KSE members selling out membership cards at throwaway price

Whereas the country’s volumes-starved capital market is under immense pressure on the external and domestic fronts, many of the members of Karachi Stock Exchange (KSE) are tending to shut their loss-making stock market business. The market participants, particularly the 200 card holders, are losing interest in the capital market, where, due to low volumes, the profits are less attractive. This situation has forced many of the active KSE members into selling their membership cards even at throwaway prices.
M/s Hum Securities is one such card holder which, the market sources said, has finalised a deal with an unknown buyer to sell its membership card at Rs40 million. “The deal has been made to sell the membership card at four crore rupees,” said a source privy to the deal.

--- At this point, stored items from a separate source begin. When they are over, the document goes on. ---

(* The extended metric space of finitely presented $n$-parameter persistence modules equipped with the interleaving distance $d_I$ is a path metric space.
   Context: Persistence modules are functors from $(\mathbb{R}^n,\leq)$ to finite-dimensional vector spaces over a field (equivalently $\mathbb{R}^n$-graded modules over the monoid ring of $([0,\infty)^n,+)$); finitely presented means a quotient of a finitely generated free graded module by a finitely generated homogeneous submodule; modules are considered up to isomorphism. $M,N$ are $\varepsilon$-interleaved if there are natural families $f_{\vec a}:M_{\vec a}\to N_{\vec a+\varepsilon\vec1}$, $g_{\vec a}:N_{\vec a}\to M_{\vec a+\varepsilon\vec1}$ whose composites $g\circ f$, $f\circ g$ are the internal maps $M(\vec a\le\vec a+2\varepsilon\vec1)$, $N(\vec a\le\vec a+2\varepsilon\vec1)$; $d_I(M,N)$ is the infimum of such $\varepsilon\ge0$ (possibly $\infty$). A path metric space is an (extended) metric space in which the distance between any two points at finite distance equals the infimum of the lengths $\ell_d(\gamma)=\sup\sum_i d(\gamma(t_{i-1}),\gamma(t_i))$ (supremum over partitions of $[0,1]$) of continuous paths $\gamma:[0,1]\to X$ joining them. *)

From HB Require Import structures.
From mathcomp Require Import all_boot all_order all_algebra.
From mathcomp Require Import all_classical all_reals.
From mathcomp Require Import ereal.

Set Implicit Arguments.
Unset Strict Implicit.
Unset Printing Implicit Defensive.

Import Order.TTheory GRing.Theory Num.Theory.
Local Open Scope ring_scope.
Local Open Scope classical_set_scope.

Section PersMod.
Variables (k : fieldType) (R : realType) (n : nat).

Definition pt := 'I_n -> R.

Definition vle (a b : pt) : bool := [forall i, a i <= b i].

Definition shift (a : pt) (e : R) : pt := fun i => a i + e.

(* M_a is represented as the row space k^(pdim a); the internal map
   M(a <= b) acts on row vectors by right multiplication by pmap a b.
   (pmap a b is irrelevant when a is not <= b.) *)
Record pmod := PMod {
  pdim : pt -> nat;
  pmap : forall a b : pt, 'M[k]_(pdim a, pdim b);
  pmap_id : forall a, pmap a a = 1%:M;
  pmap_comp : forall a b c, vle a b -> vle b c ->
                pmap a b *m pmap b c = pmap a c
}.

Definition interleaved (M N : pmod) (e : R) : Prop :=
  0 <= e /\
  exists (f : forall a, 'M[k]_(pdim M a, pdim N (shift a e)))
         (g : forall a, 'M[k]_(pdim N a, pdim M (shift a e))),
    [/\ (forall a b, vle a b ->
           f a *m pmap N (shift a e) (shift b e) = pmap M a b *m f b),
        (forall a b, vle a b ->
           g a *m pmap M (shift a e) (shift b e) = pmap N a b *m g b),
        (forall a, f a *m g (shift a e) = pmap M a (shift (shift a e) e)) &
        (forall a, g a *m f (shift a e) = pmap N a (shift (shift a e) e))].

Definition dI (M N : pmod) : \bar R :=
  ereal_inf [set (e%:E)%E | e in [set e | interleaved M N e]].

(* Finitely presented: there is a natural surjection phi : F -> M from the
   free module F on finitely many generators (grades g i, images x i in
   M_(g i)), whose kernel is generated by finitely many homogeneous elements
   (grades r j, coordinates c j in F_(r j)).  F_a is modelled as the
   subspace of k^p spanned by the e_i with g i <= a, with inclusions as
   internal maps; phi_a is the matrix Phi a. *)
Definition fin_pres (M : pmod) : Prop :=
  exists (p q : nat) (g : 'I_p -> pt) (x : forall i : 'I_p, 'rV[k]_(pdim M (g i)))
         (r : 'I_q -> pt) (c : 'I_q -> 'rV[k]_p),
    let Phi (a : pt) : 'M[k]_(p, pdim M a) :=
      \matrix_(i < p, j < pdim M a)
        (if vle (g i) a then (x i *m pmap M (g i) a) 0 j else 0) in
    let Rel (a : pt) : 'M[k]_(q, p) :=
      \matrix_(j < q, i < p) (if vle (r j) a then c j 0 i else 0) in
    [/\ (forall j i, c j 0 i != 0 -> vle (g i) (r j)),
        (forall a, row_full (Phi a)) &
        (forall a (v : 'rV[k]_p), (forall i, v 0 i != 0 -> vle (g i) a) ->
           (v *m Phi a = 0 <-> (v <= Rel a)%MS))].

Definition path_in (P : pmod -> Prop) (gam : R -> pmod) : Prop :=
  (forall t, 0 <= t <= 1 -> P (gam t)) /\
  (forall t, 0 <= t <= 1 -> forall eps : R, 0 < eps ->
     exists2 del : R, 0 < del &
       forall s, 0 <= s <= 1 -> `|s - t| < del -> (dI (gam s) (gam t) < eps%:E)%E).

Definition plength (gam : R -> pmod) : \bar R :=
  ereal_sup [set s | exists (m : nat) (t : nat -> R),
    [/\ t 0%N = 0, t m = 1, (forall i, (i < m)%N -> t i <= t i.+1) &
        s = (\sum_(0 <= i < m) dI (gam (t i)) (gam (t i.+1)))%E]].

End PersMod.

From Pilot Require Import Defs.
From HB Require Import structures.
From mathcomp Require Import all_boot all_order all_algebra.
From mathcomp Require Import all_classical all_reals.
From mathcomp Require Import ereal.
From mathcomp Require Import ring lra.

(* Let f, g be an e-interleaving of M and N, both finitely presented.  For
   0 <= t <= 1 let P_t be presented by the generators of M raised by t e and
   those of N raised by (1 - t) e, subject to the relations of M and N (raised
   alike) and to the identification of every generator of M with its image
   under f, and of every generator of N with its image under g, both written
   in the generators of the other module.  P_s and P_t share one presentation
   up to grades moved by |s - t| e, so they are |s - t| e-interleaved; in the
   same way M and P_t are t e-interleaved and N and P_t are (1 - t) e-
   interleaved.  Thus t |-> P_t (with endpoints M and N) is an e-Lipschitz path
   of length at most e, while the trivial partition bounds the length of any
   path from below by d_I of its endpoints.  All these interleavings are
   produced from coefficient matrices, i.e. images of generators, which only
   have to be checked on generators and relations. *)

Import Order.TTheory GRing.Theory Num.Theory.
Local Open Scope ring_scope.
Local Open Scope classical_set_scope.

This price reflects a tremendous devaluation of the assets related to the stock market as the same card used to be priced at Rs140 million some three years back in 2008.
“This rate shows that the membership cards have shed its price value by over 70 per cent or Rs100 million over the past few years,” the source said. Abba Karim, the source recalled, was the card holder who had sold his membership card at Rs140 million in 2008.
Commenting on the deal, a market observer said the volumes, which were staggering at record low of 30 million shares, had left market participants with no option but to quit. He said while the investors were keeping aloof from the equity market due to an ill-thought-out regulatory framework, the controversial taxes like the Capital Gains Tax (CGT) had added fuel to the fire.
Securities and Exchange Commission of Pakistan has finally realised that CGT was not in the interest of the country’s ailing economy.
“Maintaining status quo on the CGT is not in the interest of the economy as it has adversely impacted tax revenue collection as well as trading volumes at capital markets,” SECP chairman Muhammad Ali observed in a notice sent to KSE last Friday. The levy, the regulator conceded, had adversely affected investors’ sentiments, capital formation and overall functions of the capital market. Uncertainties on the political front are equally attributable as causes of eroding volumes at the stock markets.
“Stock market investors will keenly follow developments on the political front,” said Muhammad Sohail, a stock market analyst and chief executive of Topline Securities. The analyst said market would rally if independent caretaker government was appointed with consensus to supervise the elections in 2012.
A market participant claimed that there were many among the 160 active KSE members who were bracing themselves for selling out their membership cards, but some regulatory requirements were hindering their way. As per SECP rules, he said a member wanting to sell his/her card would need to get SECP’s clearance apropos his last three years’ income tax statements besides that of his clients.